* **ACTIVITY**:
Exactly as they stand, the data below are to be printed again.
------ DATA ------
Lemma is_emb_expand {A B : structure L} (Y : expansion E A) (Z : expansion E B) (f : A -> B) :
  is_emb (expand A Y) (expand B Z) f <-> is_emb A B f /\ pull A B Z f = Y.
Proof.
  assert (Hpull : pull A B Z f = Y <-> forall e x, Y e x <-> Z e (fun i => f (x i))).
  { split.
    - intros <- e x; unfold pull; tauto.
    - intros H; apply functional_extensionality_dep; intros e;
        apply functional_extensionality; intros x;
        apply propositional_extensionality; symmetry; apply H. }
  rewrite Hpull; split.
  - intros [f_inj f_rel]; split; [split|].
    + exact f_inj.
    + intros s x; exact (f_rel (inl s) x).
    + intros e x; exact (f_rel (inr e) x).
  - intros [[f_inj f_rel] f_ext]; split; [exact f_inj|].
    intros [s|e] x; [exact (f_rel s x) | exact (f_ext e x)].
Qed.

Definition reduct_emb {A B : structure L} {Y : expansion E A} {Z : expansion E B}
  (h : Emb (expand A Y) (expand B Z)) : Emb A B :=
  exist _ (proj1_sig h) (proj1 (proj1 (is_emb_expand Y Z _) (proj2_sig h))).

Lemma emb_type_reduct {A B : structure L} {Y : expansion E A} {Z : expansion E B}
  (h : Emb (expand A Y) (expand B Z)) : emb_type Z (reduct_emb h) = Y.
Proof. exact (proj2 (proj1 (is_emb_expand Y Z _) (proj2_sig h))). Qed.

Lemma reduct_emb_of_type {A B : structure L} {Y : expansion E A} {Z : expansion E B}
  (f : Emb A B) :
  emb_type Z f = Y -> exists h : Emb (expand A Y) (expand B Z), reduct_emb h = f.
Proof.
  intros Hf.
  exists (exist _ (proj1_sig f) (proj2 (is_emb_expand Y Z _) (conj (proj2_sig f) Hf))).
  apply emb_eq; reflexivity.
Qed.

Lemma exps_in_emb_type {A B : structure L} (Z : expansion E B) (Y : expansion E A) :
  exps_in B Z A Y <-> exists f : Emb A B, emb_type Z f = Y.
Proof.
  split.
  - intros [h]; exists (reduct_emb h); apply emb_type_reduct.
  - intros [f Hf]; destruct (reduct_emb_of_type f Hf) as [h _]; exact (inhabits h).
Qed.

Lemma reduct_emb_comp {A B C : structure L} {Y : expansion E A} {Z : expansion E B}
  {W : expansion E C} (g : Emb (expand B Z) (expand C W)) (h : Emb (expand A Y) (expand B Z)) :
  comp_emb (reduct_emb g) (reduct_emb h) = reduct_emb (comp_emb g h).
Proof. apply emb_eq; reflexivity. Qed.

Lemma emb_type_comp {A B C : structure L} {Z : expansion E B} {W : expansion E C}
  (g : Emb (expand B Z) (expand C W)) (f : Emb A B) :
  emb_type W (comp_emb (reduct_emb g) f) = emb_type Z f.
Proof.
  transitivity (pull A B (emb_type W (reduct_emb g)) (proj1_sig f)); [reflexivity|].
  rewrite emb_type_reduct; reflexivity.
Qed.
------
* **OUTPUT OF THE EXERCISE**:
Lemma is_emb_expand {A B : structure L} (Y : expansion E A) (Z : expansion E B) (f : A -> B) :
  is_emb (expand A Y) (expand B Z) f <-> is_emb A B f /\ pull A B Z f = Y.
Proof.
  assert (Hpull : pull A B Z f = Y <-> forall e x, Y e x <-> Z e (fun i => f (x i))).
  { split.
    - intros <- e x; unfold pull; tauto.
    - intros H; apply functional_extensionality_dep; intros e;
        apply functional_extensionality; intros x;
        apply propositional_extensionality; symmetry; apply H. }
  rewrite Hpull; split.
  - intros [f_inj f_rel]; split; [split|].
    + exact f_inj.
    + intros s x; exact (f_rel (inl s) x).
    + intros e x; exact (f_rel (inr e) x).
  - intros [[f_inj f_rel] f_ext]; split; [exact f_inj|].
    intros [s|e] x; [exact (f_rel s x) | exact (f_ext e x)].
Qed.

Definition reduct_emb {A B : structure L} {Y : expansion E A} {Z : expansion E B}
  (h : Emb (expand A Y) (expand B Z)) : Emb A B :=
  exist _ (proj1_sig h) (proj1 (proj1 (is_emb_expand Y Z _) (proj2_sig h))).

Lemma emb_type_reduct {A B : structure L} {Y : expansion E A} {Z : expansion E B}
  (h : Emb (expand A Y) (expand B Z)) : emb_type Z (reduct_emb h) = Y.
Proof. exact (proj2 (proj1 (is_emb_expand Y Z _) (proj2_sig h))). Qed.

Lemma reduct_emb_of_type {A B : structure L} {Y : expansion E A} {Z : expansion E B}
  (f : Emb A B) :
  emb_type Z f = Y -> exists h : Emb (expand A Y) (expand B Z), reduct_emb h = f.
Proof.
  intros Hf.
  exists (exist _ (proj1_sig f) (proj2 (is_emb_expand Y Z _) (conj (proj2_sig f) Hf))).
  apply emb_eq; reflexivity.
Qed.

Lemma exps_in_emb_type {A B : structure L} (Z : expansion E B) (Y : expansion E A) :
  exps_in B Z A Y <-> exists f : Emb A B, emb_type Z f = Y.
Proof.
  split.
  - intros [h]; exists (reduct_emb h); apply emb_type_reduct.
  - intros [f Hf]; destruct (reduct_emb_of_type f Hf) as [h _]; exact (inhabits h).
Qed.

Lemma reduct_emb_comp {A B C : structure L} {Y : expansion E A} {Z : expansion E B}
  {W : expansion E C} (g : Emb (expand B Z) (expand C W)) (h : Emb (expand A Y) (expand B Z)) :
  comp_emb (reduct_emb g) (reduct_emb h) = reduct_emb (comp_emb g h).
Proof. apply emb_eq; reflexivity. Qed.

Lemma emb_type_comp {A B C : structure L} {Z : expansion E B} {W : expansion E C}
  (g : Emb (expand B Z) (expand C W)) (f : Emb A B) :
  emb_type W (comp_emb (reduct_emb g) f) = emb_type Z f.
Proof.
  transitivity (pull A B (emb_type W (reduct_emb g)) (proj1_sig f)); [reflexivity|].
  rewrite emb_type_reduct; reflexivity.
Qed.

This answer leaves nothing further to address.